The tourism sector has become a major pillar of the Mauritian economy. While its contribution to the GDP is not significant (7.4% in 2022, 5% in 2023 and predicted to be 4.2% in 2024), it is essential, according to the NTUC, that there are “sufficient basic foods and vegetables on the market to meet the hotels’ demand while ensuring an adequate stock for the local population.”

NTUC suggests that the issue of mass production lies in the inefficiency of storage, which currently only concerns cold storage facilities. This type of storage destroys the freshness and taste of vegetables/fruits.

The confederation recommends that the government invest in the construction of storage buildings with sufficient capacity equipped with ultraviolet light sources. “This type of preservation carries no risk of radioactive pollution. Access to the inside of these storage units must be strictly controlled to prevent the transportation of microbes and bacteria from the outside,” proposes NTUC.

As one travels across the island, it has become “appalling to passively watch the huge expanse of fertile land being converted to accommodate smart cities, shopping malls, and expensive housing projects.”

Narendra Gopee adds that “to add a dose of shame to this eagerness to disfigure beauty, private landowners neglect their land and plantations with the intention of selling them at high prices at a later stage.”

A responsible government cannot “allow the transformation of the island into a concrete graveyard,” he adds. Tourists come to Mauritius for its captivating orchards, sea, and sand, not to appreciate massive concrete buildings, supermarkets, and shopping malls.

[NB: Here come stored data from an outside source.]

Lemma surr_risk_quadB L f g q : \sum_(y < k) q y = 1 ->
  surr_risk (quad_surr L) f q - surr_risk (quad_surr L) g q =
  (2 * k%:R)^-1 * \sum_(c < k) ((f c + expected_loss L q c) ^+ 2
                                - (g c + expected_loss L q c) ^+ 2).
Proof.
move=> q1; rewrite /surr_risk /quad_surr -sumrB.
under eq_bigr do rewrite -mulrBr -mulrBr mulrCA -sumrB mulr_sumr.
rewrite -mulr_sumr exchange_big /=; congr (_ * _); apply: eq_bigr => c _.
transitivity (\sum_(y < k) (q y * (f c ^+ 2 - g c ^+ 2)
                            + 2 * (f c - g c) * (q y * L c y))).
  by apply: eq_bigr => y _; ring.
by rewrite big_split /= -mulr_suml -mulr_sumr q1 /expected_loss; ring.
Qed.

Lemma excess_surr_quad L f q : \sum_(y < k) q y = 1 ->
  excess_surr (quad_surr L) (span_set L) f q =
  (2 * k%:R)^-1 * \sum_(c < k) (f c + expected_loss L q c) ^+ 2.
Proof.
move=> q1; pose g0 c := - expected_loss L q c.
have g0_span : span_set L g0.
  by exists (fun y => - q y) => c; rewrite /g0 -sumrN; apply: eq_bigr => y _; rewrite mulNr.
have g0E : \sum_(c < k) (g0 c + expected_loss L q c) ^+ 2 = 0.
  by rewrite big1 // => c _; rewrite addNr expr0n.
rewrite /excess_surr (@inf_attained _ _ (surr_risk (quad_surr L) g0 q)).
- by rewrite surr_risk_quadB // sumrB g0E subr0.
- by exists g0.
move=> _ [g _ <-]; rewrite -subr_ge0 surr_risk_quadB // sumrB g0E subr0.
by rewrite mulr_ge0 ?invr_ge0 ?mulr_ge0 ?ler0n ?sumr_ge0 // => c _; exact: sqr_ge0.
Qed.

End Risks.

Section Blocks.
Context {R : realType} {k b : nat} (blk : 'I_k -> 'I_b).
Implicit Types (f q : 'I_k -> R) (g : 'I_b -> R) (u v w : 'I_b).

Local Notation L := (@L01b R k b blk).
Local Notation F := (span_set L).
Local Notation s u := ((block_size blk u)%:R : R).

Definition block_mass q u : R := \sum_(j | blk j == u) q j.

Lemma sum_block_mass q : \sum_(u < b) block_mass q u = \sum_(c < k) q c.
Proof. by rewrite (partition_big blk predT). Qed.

Lemma block_mass_comp (G : 'I_b -> R) u : block_mass (G \o blk) u = s u * G u.
Proof.
rewrite /block_mass (eq_bigr (fun _ => G u)) => [|i /eqP <- //].
rewrite sumr_const mulr_natl /block_size; congr (_ *+ _).
by apply: eq_card => i; apply/idP/idP => [/mem_set | /set_mem].
Qed.

Lemma sum_by_block (G : 'I_b -> R) : \sum_(c < k) G (blk c) = \sum_(u < b) s u * G u.
Proof.
by rewrite -(sum_block_mass (G \o blk)); apply: eq_bigr => u _; rewrite block_mass_comp.
Qed.

Lemma sum_block_size : \sum_(u < b) s u = k%:R.
Proof.
transitivity (\sum_(c < k) (1 : R)); last by rewrite sumr_const card_ord.
by rewrite (sum_by_block (fun=> 1)); apply: eq_bigr => u _; rewrite mulr1.
Qed.

Lemma expected_loss_L01b q c : \sum_(y < k) q y = 1 ->
  expected_loss L q c = 1 - block_mass q (blk c).
Proof.
move=> q1; rewrite -q1 /expected_loss /block_mass (bigID (fun y => blk y == blk c)) /=.
rewrite [X in _ = X - _](bigID (fun y => blk y == blk c)) /= addrAC subrr add0r.
rewrite big1 ?add0r => [|y /eqP yc]; last by rewrite /L01b yc eqxx mulr0.
by apply: eq_bigr => y; rewrite /L01b eq_sym => /negbTE ->; rewrite mulr1.
Qed.

Lemma span_L01b_block f : F f -> exists g, f =1 g \o blk.
Proof.
move=> [a fE]; exists (fun u => \sum_(j < k) a j * (u != blk j)%:R) => c.
exact: fE.
Qed.

Lemma excess_surr_block f g q : \sum_(y < k) q y = 1 -> f =1 g \o blk ->
  excess_surr (Phi_quad blk) F f q =
  (2 * k%:R)^-1 * \sum_(u < b) s u * (g u + 1 - block_mass q u) ^+ 2.
Proof.
move=> q1 fE; rewrite [LHS](excess_surr_quad _ _ _ q1) -sum_by_block.
by congr (_ * _); apply: eq_bigr => c _; rewrite fE expected_loss_L01b // addrA.
Qed.

Definition harm u v : R := 2 * s u * s v / (s u + s v).

Lemma harmC u v : harm u v = harm v u.
Proof. by rewrite /harm; congr (_ / _); [rewrite mulrAC | rewrite addrC]. Qed.

Lemma min_harm_le u v : u != v -> @min_harm R k b blk <= harm u v.
Proof.
move=> uv; apply: ge_inf; last by exists u, v.
exists 0 => _ [u' [v' [_ ->]]].
by rewrite divr_ge0 ?mulr_ge0 ?addr_ge0 ?ler0n.
Qed.

Lemma min_harm_attained :
  (1 < b)%N -> exists u v, u != v /\ @min_harm R k b blk = harm u v.
Proof.
move=> b_gt1; pose u0 : 'I_b := Ordinal (ltnW b_gt1); pose u1 : 'I_b := Ordinal b_gt1.
have [[u v] /= uv uv_min] :=
  @arg_minP _ R _ (u0, u1) (fun p => p.1 != p.2) (fun p => harm p.1 p.2) isT.
exists u, v; split => //; apply: inf_attained; first by exists u, v.
by move=> _ [u' [v' [uv' ->]]]; exact: (uv_min (u', v')).
Qed.

Section Surjective.
Hypothesis (b_gt1 : (1 < b)%N) (blk_surj : forall u, exists i, blk i = u).

Lemma block_size_gt0 u : 0 < s u.
Proof.
have [i iu] := blk_surj u; rewrite ltr0n; apply/card_gt0P; exists i.
by apply: mem_set; rewrite /= iu.
Qed.

(* Coefficients [a u / s u] on the columns of block [u] give [f c = \sum_(u != blk c) a u],
   which is inverted by [a u = (\sum_v g v) / (b - 1) - g u]. *)
Lemma block_fun_span g : F (g \o blk).
Proof.
pose a u := (\sum_(v < b) g v) / (b%:R - 1) - g u.
exists (fun j => a (blk j) / s (blk j)) => c /=.
rewrite (sum_by_block (fun u => a u / s u * (blk c != u)%:R)).
have s_neq0 u : s u != 0 := lt0r_neq0 (block_size_gt0 u).
under eq_bigr => u _ do rewrite mulrA mulrCA divff // mulr1.
rewrite (bigD1 (blk c)) //= eqxx mulr0 add0r.
under eq_bigr => u ne do rewrite eq_sym ne mulr1.
have -> : \sum_(u < b | u != blk c) a u = \sum_(u < b) a u - a (blk c).
  by rewrite [X in _ = X - _](bigD1 (blk c)) //= addrC addrK.
rewrite /a sumrB sumr_const card_ord -mulr_natl.
have b1 : b%:R - 1 != 0 :> R by rewrite subr_eq0 pnatr_eq1 gtn_eqF.
by field.
Qed.

Lemma inf_task_loss_L01b q w : \sum_(y < k) q y = 1 ->
  (forall u, block_mass q u <= block_mass q w) ->
  inf [set task_loss L g q | g in F] = 1 - block_mass q w.
Proof.
move=> q1 w_max; have [i iw] := blk_surj w.
pose gw c : R := (blk c == w)%:R.
have [p p_pred] := is_pred_exists i gw.
have pw : blk p = w.
  move: p_pred => /andP[/forallP /(_ i) + _]; rewrite /gw iw eqxx.
  by case: eqP => // _; rewrite ler10.
apply: inf_attained.
  exists gw; first exact: (block_fun_span (fun u => (u == w)%:R)).
  by rewrite (task_loss_pred _ _ _ _ p_pred) expected_loss_L01b // pw.
move=> _ [g _ <-]; have [p' p'_pred] := is_pred_exists i g.
by rewrite (task_loss_pred _ _ _ _ p'_pred) expected_loss_L01b // lerD2l lerN2.
Qed.

Lemma excess_loss_L01b f q p w : \sum_(y < k) q y = 1 -> is_pred f p ->
  (forall u, block_mass q u <= block_mass q w) ->
  excess_loss L F f q = block_mass q w - block_mass q (blk p).
Proof.
move=> q1 p_pred w_max; rewrite /excess_loss (inf_task_loss_L01b _ _ q1 w_max).
by rewrite (task_loss_pred _ _ _ _ p_pred) expected_loss_L01b //; ring.
Qed.

Lemma excess_surr_ge f q eps : F f -> \sum_(y < k) q y = 1 -> 0 <= eps ->
  eps <= excess_loss L F f q ->
  eps ^+ 2 / (4 * k%:R) * @min_harm R k b blk <= excess_surr (Phi_quad blk) F f q.
Proof.
move=> f_span q1 eps0; have [g fE] := span_L01b_block _ f_span.
have [i0 _] := blk_surj (Ordinal (ltnW b_gt1)).
have [p p_pred] := is_pred_exists i0 f.
have [w _ w_max] := @arg_maxP _ R _ (blk i0) xpredT (block_mass q) isT.
rewrite (excess_loss_L01b _ _ _ w q1 p_pred) => [gap|u]; last exact: w_max.
rewrite (excess_surr_block _ _ _ q1 fE).
set e := fun u => g u + 1 - block_mass q u; set v := blk p in gap *.
have [vw|vw] := eqVneq v w.
  have -> : eps = 0 by apply/le_anti; rewrite eps0 andbT; move: gap; rewrite vw subrr.
  rewrite expr0n !mul0r mulr_ge0 ?invr_ge0 ?mulr_ge0 ?ler0n ?sumr_ge0 // => u _.
  by rewrite mulr_ge0 ?ler0n ?sqr_ge0.
have [iw iwE] := blk_surj w.
have e_gap : eps <= e v - e w.
  move: p_pred => /andP[/forallP /(_ iw) + _]; rewrite !fE /= iwE -/v /e; lra.
have two_blocks : s v * e v ^+ 2 + s w * e w ^+ 2 <= \sum_(u < b) s u * e u ^+ 2.
  rewrite (bigD1 v) // (bigD1 w) 1?eq_sym //= addrA lerDl.
  by apply: sumr_ge0 => u _; rewrite mulr_ge0 ?ler0n ?sqr_ge0.
apply: (@le_trans _ _ (eps ^+ 2 / (4 * k%:R) * harm v w)).
  by rewrite ler_wpM2l ?divr_ge0 ?sqr_ge0 ?mulr_ge0 ?ler0n ?min_harm_le.
have k_gt0 : (0 < k)%N by apply: leq_ltn_trans (ltn_ord i0).
have -> : eps ^+ 2 / (4 * k%:R) * harm v w
          = (2 * k%:R)^-1 * (eps ^+ 2 * (s v * s w / (s v + s w))).
  rewrite /harm; field.
  by rewrite lt0r_neq0 ?addr_gt0 ?block_size_gt0 // pnatr_eq0 -lt0n k_gt0.
rewrite ler_wpM2l ?invr_ge0 ?mulr_ge0 ?ler0n //.
apply: le_trans _ two_blocks.
by apply: weighted_sumsqr_ge; rewrite ?block_size_gt0.
Qed.

(* The extremal pair: [q] puts mass [(1 - eps)/2] on block [v] and [(1 + eps)/2] on
   block [w]; the scores are the surrogate minimizer [-Lq] shifted on [v] and [w] by the
   least [s]-weighted square amount that makes their scores tie, and the tie is resolved
   in favour of [v] because block [v] contains the first index [m] of the two blocks. *)
Section Witness.
Variables (v w : 'I_b) (eps : R) (m : 'I_k).
Hypotheses (vw : v != w) (eps0 : 0 <= eps) (eps1 : eps <= 1).
Hypotheses (mv : blk m = v) (m_first : forall j, blk j \in [:: v; w] -> (m <= j)%N).

Definition witness_mass u : R :=
  if u == v then (1 - eps) / 2 else if u == w then (1 + eps) / 2 else 0.

Definition witness_q : 'I_k -> R := (fun u => witness_mass u / s u) \o blk.

Definition witness_shift u : R :=
  if u == v then eps * s w / (s v + s w)
  else if u == w then - (eps * s v / (s v + s w)) else 0.

Definition witness_score u : R := witness_mass u - 1 + witness_shift u.

Local Notation witness_f := (witness_score \o blk).

Let vwF : (v == w) = false. Proof. exact: negbTE. Qed.
Let wvF : (w == v) = false. Proof. by rewrite eq_sym vwF. Qed.
Let S_gt0 : 0 < s v + s w. Proof. by rewrite addr_gt0 ?block_size_gt0. Qed.

Lemma block_mass_witness u : block_mass witness_q u = witness_mass u.
Proof.
by rewrite block_mass_comp mulrCA divff ?mulr1 ?lt0r_neq0 ?block_size_gt0.
Qed.

Lemma witness_q_simplex : simplex witness_q.
Proof.
split=> [c|].
  rewrite divr_ge0 ?ler0n // /witness_mass.
  by do 2?case: ifP => _; rewrite ?divr_ge0 ?subr_ge0 ?addr_ge0.
rewrite -sum_block_mass (eq_bigr _ (fun u _ => block_mass_witness u)).
rewrite (sum_supp2 _ _ _ vw) => [|u /negbTE uv /negbTE uw].
  by rewrite /witness_mass eqxx wvF eqxx; field.
by rewrite /witness_mass uv uw.
Qed.

Lemma is_pred_witness : is_pred witness_f m.
Proof.
have score_w : witness_score w = witness_score v.
  rewrite /witness_score /witness_mass /witness_shift eqxx vwF wvF eqxx.
  by field; rewrite lt0r_neq0.
have score_v : -1 < witness_score v.
  rewrite /witness_score /witness_mass /witness_shift !eqxx -subr_gt0.
  have -> : (1 - eps) / 2 - 1 + eps * s w / (s v + s w) - -1
            = ((1 - eps) * s v + (1 + eps) * s w) / (2 * (s v + s w)).
    by field; rewrite lt0r_neq0.
  rewrite divr_gt0 ?mulr_gt0 // ltr_wpDl ?mulr_ge0 ?subr_ge0 ?ler0n //.
  by rewrite mulr_gt0 ?block_size_gt0 // ltr_wpDr.
have score_other u : u != v -> u != w -> witness_score u = -1.
  move=> /negbTE uv /negbTE uw.
  by rewrite /witness_score /witness_mass /witness_shift uv uw; ring.
apply/andP; split; apply/forallP => j /=; rewrite mv.
- have [->|jv] := eqVneq (blk j) v; first exact: lexx.
  have [->|jw] := eqVneq (blk j) w; first by rewrite score_w.
  by rewrite score_other // ltW.
- apply/implyP => jm; rewrite score_other //.
  + by apply: contraTneq jm => jv; rewrite -leqNgt m_first // inE jv eqxx.
  + by apply: contraTneq jm => jw; rewrite -leqNgt m_first // !inE jw eqxx orbT.
Qed.
(* Let $L'$ and $L''$ be languages over $\Sigma$ that satisfy the partial order condition. Then $L=L'\cap L''$ also satisfies the partial order condition.
   Context: A DFA $(Q,\Sigma,\delta,q_0,F)$ (with $\delta$ extended to strings) satisfies the partial order condition if there do not exist two distinguishable states $q_1,q_2\in Q$ and strings $x,y\in\Sigma^+$ with $\delta(q_1,x)=\delta(q_2,x)=q_2$ and $\delta(q_2,y)=q_1$; here $q_1,q_2$ are distinguishable if there is $z\in\Sigma^*$ such that exactly one of $\delta(q_1,z),\delta(q_2,z)$ lies in $F$. A (regular) language satisfies the partial order condition if its minimal DFA does. *)

From HB Require Import structures.
From mathcomp Require Import all_boot.
Set Implicit Arguments. Unset Strict Implicit. Unset Printing Implicit Defensive.

Definition language (Sigma : finType) := seq Sigma -> Prop.

Record dfa (Sigma : finType) := Dfa {
  state : finType;
  delta : state -> Sigma -> state;
  start : state;
  final : {set state}
}.

Arguments start {Sigma} d.
Arguments final {Sigma} d.
Arguments delta {Sigma} d.
Definition delta_star {Sigma : finType} (A : dfa Sigma) (q : state A) (w : seq Sigma)
  : state A := foldl (delta A) q w.
Arguments delta_star {Sigma} A q w.

Definition accepts (Sigma : finType) (A : dfa Sigma) (w : seq Sigma) : Prop :=
  delta_star A (start A) w \in final A.

Definition recognizes (Sigma : finType) (A : dfa Sigma) (L : language Sigma) : Prop :=
  forall w, L w <-> accepts A w.

Definition regular (Sigma : finType) (L : language Sigma) : Prop :=
  exists A : dfa Sigma, recognizes A L.

Definition minimal_dfa (Sigma : finType) (A : dfa Sigma) (L : language Sigma) : Prop :=
  recognizes A L /\
  forall B : dfa Sigma, recognizes B L -> #|state A| <= #|state B|.

Definition distinguishable {Sigma : finType} (A : dfa Sigma) (q1 q2 : state A) : Prop :=
  exists z : seq Sigma,
    (delta_star A q1 z \in final A) != (delta_star A q2 z \in final A).
Arguments distinguishable {Sigma} A q1 q2.

Definition dfa_poc (Sigma : finType) (A : dfa Sigma) : Prop :=
  ~ exists (q1 q2 : state A) (x y : seq Sigma),
      distinguishable A q1 q2 /\ x != [::] /\ y != [::] /\
      delta_star A q1 x = q2 /\ delta_star A q2 x = q2 /\
      delta_star A q2 y = q1.

(* A (regular) language satisfies the partial order condition if its minimal
   DFA does (minimal DFAs are unique up to isomorphism; we require it of
   every minimal DFA). *)
Definition lang_poc (Sigma : finType) (L : language Sigma) : Prop :=
  regular L /\ forall A : dfa Sigma, minimal_dfa A L -> dfa_poc A.

Definition lang_inter (Sigma : finType) (L1 L2 : language Sigma) : language Sigma :=
  fun w => L1 w /\ L2 w.

From mathcomp Require Import all_boot.
From mathcomp Require Import boolp.

Set Implicit Arguments. Unset Strict Implicit. Unset Printing Implicit Defensive.

(* Suppose the minimal DFA A of L' \cap L'' has a forbidden pattern
   q1 -x-> q2 -x-> q2 -y-> q1, with q1 reached by u and q1, q2 separated by z.
   The product P of the minimal DFAs of L' and L'' also recognizes L' \cap L''.
   Pick a power X of x acting idempotently on the states of P, then a power
   G = (X y)^k acting idempotently on P.  In A, the words u G and u G X still lead
   to q1 and q2; in P they lead to states p1, p2 with p2 X = p2 and
   p2 y (X y)^(k-1) = p1 G = p1, and z separates p1 and p2 because A and P
   accept the same words.  A forbidden pattern of a product projects to one of
   the factors, contradicting its partial order condition. *)

Lemma iter_collision (T : finType) (f : T -> T) :
  exists i j, i < j /\ forall t, iter i f t = iter j f t.
Proof.
pose fpow (i : 'I_#|{ffun T -> T}|.+1) := [ffun t => iter i f t].
have /injectivePn [i [j neq_ij eq_ij]] : ~~ injectiveb fpow.
  by apply/negP => /injectiveP/leq_card; rewrite card_ord ltnn.
have {}eq_ij t : iter i f t = iter j f t.
  by have := congr1 (fun g : {ffun T -> T} => g t) eq_ij; rewrite !ffunE.
case: (ltngtP i j) => [lt_ij|lt_ji|eq_val_ij].
- by exists i, j.
- by exists j, i; split => // t; rewrite eq_ij.
- by rewrite -val_eqE /= eq_val_ij eqxx in neq_ij.
Qed.

Lemma iter_idempotent (T : finType) (f : T -> T) :
  exists n, forall t, iter n.+1 f (iter n.+1 f t) = iter n.+1 f t.
Proof.
have [i [j [lt_ij eq_ij]]] := iter_collision f.
have period k t : i <= k -> iter (k + (j - i)) f t = iter k f t.
  move=> le_ik; rewrite -(subnK le_ik) -addnA subnKC ?(ltnW lt_ij) //.
  by rewrite !iterD eq_ij.
have periodM l k t : i <= k -> iter (k + l * (j - i)) f t = iter k f t.
  move=> le_ik; elim: l => [|l IHl]; first by rewrite addn0.
  by rewrite mulSn addnCA addnC period ?IHl // (leq_trans le_ik) ?leq_addr.
exists (i.+1 * (j - i)).-1 => t.
rewrite prednK ?muln_gt0 ?subn_gt0 // -iterD periodM //.
by rewrite (leq_trans (leqnSn i)) // leq_pmulr // subn_gt0.
Qed.

Section Automata.
Variable Sigma : finType.
Implicit Types (A B : dfa Sigma) (L : language Sigma) (u w x y z : seq Sigma).

Definition wpow w n := iter n (cat w) [::].

Lemma delta_star_cat A q w1 w2 :
  delta_star A q (w1 ++ w2) = delta_star A (delta_star A q w1) w2.
Proof. exact: foldl_cat. Qed.

Lemma delta_star_wpow A q w n :
  delta_star A q (wpow w n) = iter n (delta_star A ^~ w) q.
Proof. by elim: n q => [|n IHn] q //=; rewrite delta_star_cat IHn -iterSr. Qed.

Lemma idempotent_wpow A w :
  exists n, forall q,
    delta_star A (delta_star A q (wpow w n.+1)) (wpow w n.+1) =
    delta_star A q (wpow w n.+1).
Proof.
have [n idem] := iter_idempotent (delta_star A ^~ w).
by exists n => q; rewrite !delta_star_wpow idem.
Qed.

Lemma recognizes_accepts_eq A B L w :
  recognizes A L -> recognizes B L ->
  (delta_star A (start A) w \in final A) = (delta_star B (start B) w \in final B).
Proof. by move=> rA rB; apply/idP/idP => [/rA/rB|/rB/rA]. Qed.

Definition reachable A (q : state A) : bool :=
  `[< exists u, delta_star A (start A) u = q >].

Lemma reachableP A (q : state A) :
  reflect (exists u, delta_star A (start A) u = q) (reachable q).
Proof. exact: asboolP. Qed.

Lemma reachable_start A : reachable (start A).
Proof. by apply/reachableP; exists [::]. Qed.

Lemma reachable_delta A (q : state A) a : reachable q -> reachable (delta A q a).
Proof.
by case/reachableP => u reach_q; apply/reachableP; exists (rcons u a);
   rewrite -cats1 delta_star_cat reach_q.
Qed.

Definition reachable_part A : dfa Sigma :=
  @Dfa Sigma {q : state A | reachable q}
    (fun q a => exist _ (delta A (val q) a) (reachable_delta a (valP q)))
    (exist _ (start A) (reachable_start A))
    [set q | val q \in final A].

Lemma delta_star_reachable_part A q w :
  val (delta_star (reachable_part A) q w) = delta_star A (val q) w.
Proof. by elim: w q => [|a w IHw] q //=; rewrite [LHS]IHw. Qed.

Lemma reachable_part_recognizes A L :
  recognizes A L -> recognizes (reachable_part A) L.
Proof. by move=> rA w; rewrite rA /accepts inE delta_star_reachable_part. Qed.

Lemma minimal_dfa_reachable A L (q : state A) : minimal_dfa A L -> reachable q.
Proof.
move=> [rA minA]; apply: contraT => unreachable_q.
have lt_reachable : #|[pred p : state A | reachable p]| < #|state A|.
  by apply: proper_card; apply/properP; split; [apply/subsetP | exists q].
have := minA _ (reachable_part_recognizes rA).
by rewrite /= card_sig leqNgt lt_reachable.
Qed.

Lemma exists_minimal_dfa L : regular L -> exists A, minimal_dfa A L.
Proof.
move=> [B rB].
have ex_size : exists n, `[< exists A, recognizes A L /\ #|state A| = n >].
  by exists #|state B|; apply/asboolP; exists B.
case: (ex_minnP ex_size) => _ /asboolP [A [rA <-]] minA.
by exists A; split=> // C rC; apply: minA; apply/asboolP; exists C.
Qed.

Definition prod_dfa A1 A2 : dfa Sigma :=
  @Dfa Sigma (state A1 * state A2)%type
    (fun p a => (delta A1 p.1 a, delta A2 p.2 a)) (start A1, start A2)
    [set p | (p.1 \in final A1) && (p.2 \in final A2)].

Lemma delta_star_prod A1 A2 p w :
  delta_star (prod_dfa A1 A2) p w = (delta_star A1 p.1 w, delta_star A2 p.2 w).
Proof. by elim: w p => [|a w IHw] [p1 p2] //=; rewrite [LHS]IHw. Qed.

Lemma prod_dfa_recognizes A1 A2 L1 L2 :
  recognizes A1 L1 -> recognizes A2 L2 ->
  recognizes (prod_dfa A1 A2) (lang_inter L1 L2).
Proof.
move=> r1 r2 w; rewrite /accepts delta_star_prod inE /=.
by split=> [[/r1 -> /r2 ->] | /andP[/r1 ? /r2 ?]].
Qed.

Definition forbidden_pattern A (q1 q2 : state A) x y : Prop :=
  distinguishable A q1 q2 /\ x != [::] /\ y != [::] /\
  delta_star A q1 x = q2 /\ delta_star A q2 x = q2 /\ delta_star A q2 y = q1.
Arguments forbidden_pattern : clear implicits.

Lemma distinguishable_prod A1 A2 (p r : state (prod_dfa A1 A2)) :
  distinguishable _ p r -> distinguishable A1 p.1 r.1 \/ distinguishable A2 p.2 r.2.
Proof.
case=> z; rewrite !delta_star_prod !inE /=.
case: (delta_star A1 p.1 z \in final A1 =P (delta_star A1 r.1 z \in final A1))
  => [eq1|/eqP neq1]; last by left; exists z.
by rewrite eq1 => neq2; right; exists z; apply: contra neq2 => /eqP ->.
Qed.

Lemma dfa_poc_prod A1 A2 : dfa_poc A1 -> dfa_poc A2 -> dfa_poc (prod_dfa A1 A2).
Proof.
move=> poc1 poc2 [[p1 p2] [[r1 r2] [x [y [/distinguishable_prod dist [nx [ny]]]]]]].
rewrite !delta_star_prod /= => -[[px1 px2] [[rx1 rx2] [ry1 ry2]]].
case: dist => dist; [apply: poc1; exists p1, r1 | apply: poc2; exists p2, r2];
  by exists x, y.
Qed.

Lemma forbidden_pattern_transfer A B L q1 q2 x y u :
  recognizes A L -> recognizes B L -> delta_star A (start A) u = q1 ->
  forbidden_pattern A q1 q2 x y ->
  exists p1 p2 x' y', forbidden_pattern B p1 p2 x' y'.
Proof.
move=> rA rB reach_q1 [[z dist_z] [nx [ny [q1x [q2x q2y]]]]].
have [n idemX] := idempotent_wpow B x; set X := wpow x n.+1 in idemX *.
have [m idemG] := idempotent_wpow B (X ++ y); set G := wpow _ m.+1 in idemG *.
have q1X : delta_star A q1 X = q2.
  by rewrite delta_star_cat q1x delta_star_wpow iter_fix.
have q1G : delta_star A q1 G = q1.
  by rewrite delta_star_wpow iter_fix // delta_star_cat q1X.
set p1 := delta_star B (delta_star B (start B) u) G.
exists p1, (delta_star B p1 X), X, (y ++ wpow (X ++ y) m).
split; last split; last split; last split; last split.
- exists z; rewrite -!delta_star_cat -!(recognizes_accepts_eq _ rA rB).
  by rewrite !(delta_star_cat _ u) !(delta_star_cat _ G) (delta_star_cat _ X)
             reach_q1 q1G q1X.
- by rewrite /X /=; case: (x) nx.
- by case: (y) ny.
- by [].
- exact: idemX.
- by rewrite -delta_star_cat catA; apply: idemG.
Qed.

End Automata.

Theorem lemma4p5 (Sigma : finType) (L' L'' : language Sigma) :
  lang_poc L' -> lang_poc L'' -> lang_poc (lang_inter L' L'').
Proof.
move=> [reg1 poc1] [reg2 poc2].
have [A1 min1] := exists_minimal_dfa reg1.
have [A2 min2] := exists_minimal_dfa reg2.
have r12 := prod_dfa_recognizes min1.1 min2.1.
split=> [|A minA [q1 [q2 [x [y pattern]]]]]; first by exists (prod_dfa A1 A2).
have /reachableP [u reach_q1] := minimal_dfa_reachable q1 minA.
have [p1 [p2 [x' [y' pattern']]]] :=
  forbidden_pattern_transfer minA.1 r12 reach_q1 pattern.
by apply: dfa_poc_prod (poc1 _ min1) (poc2 _ min2) _; exists p1, p2, x', y'.
Qed.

“The government must encourage private landowners to cultivate essential vegetables, fruits, and other common raw materials. Private landowners who, despite receiving state support, continue to neglect their plots of land should be subject to a land neglect tax.

The land conversion tax should be increased to discourage the conversion of agricultural land into residential areas. The government should convert lands that have been neglected for a long period of time – more than 30 years – into state land,” NTUC recommends.

NTUC also puts forward a series of proposals, including a monthly allowance of Rs 750 for elderly persons to replace free transportation, retirement at the age of 60, the abandonment of Registration Fees and Transfer Fees for new vehicle owners, the elimination of disciplinary committees in their current form, the establishment of the Employment Relations Appeal Tribunal, and authorization for patients to take possession of their medical records.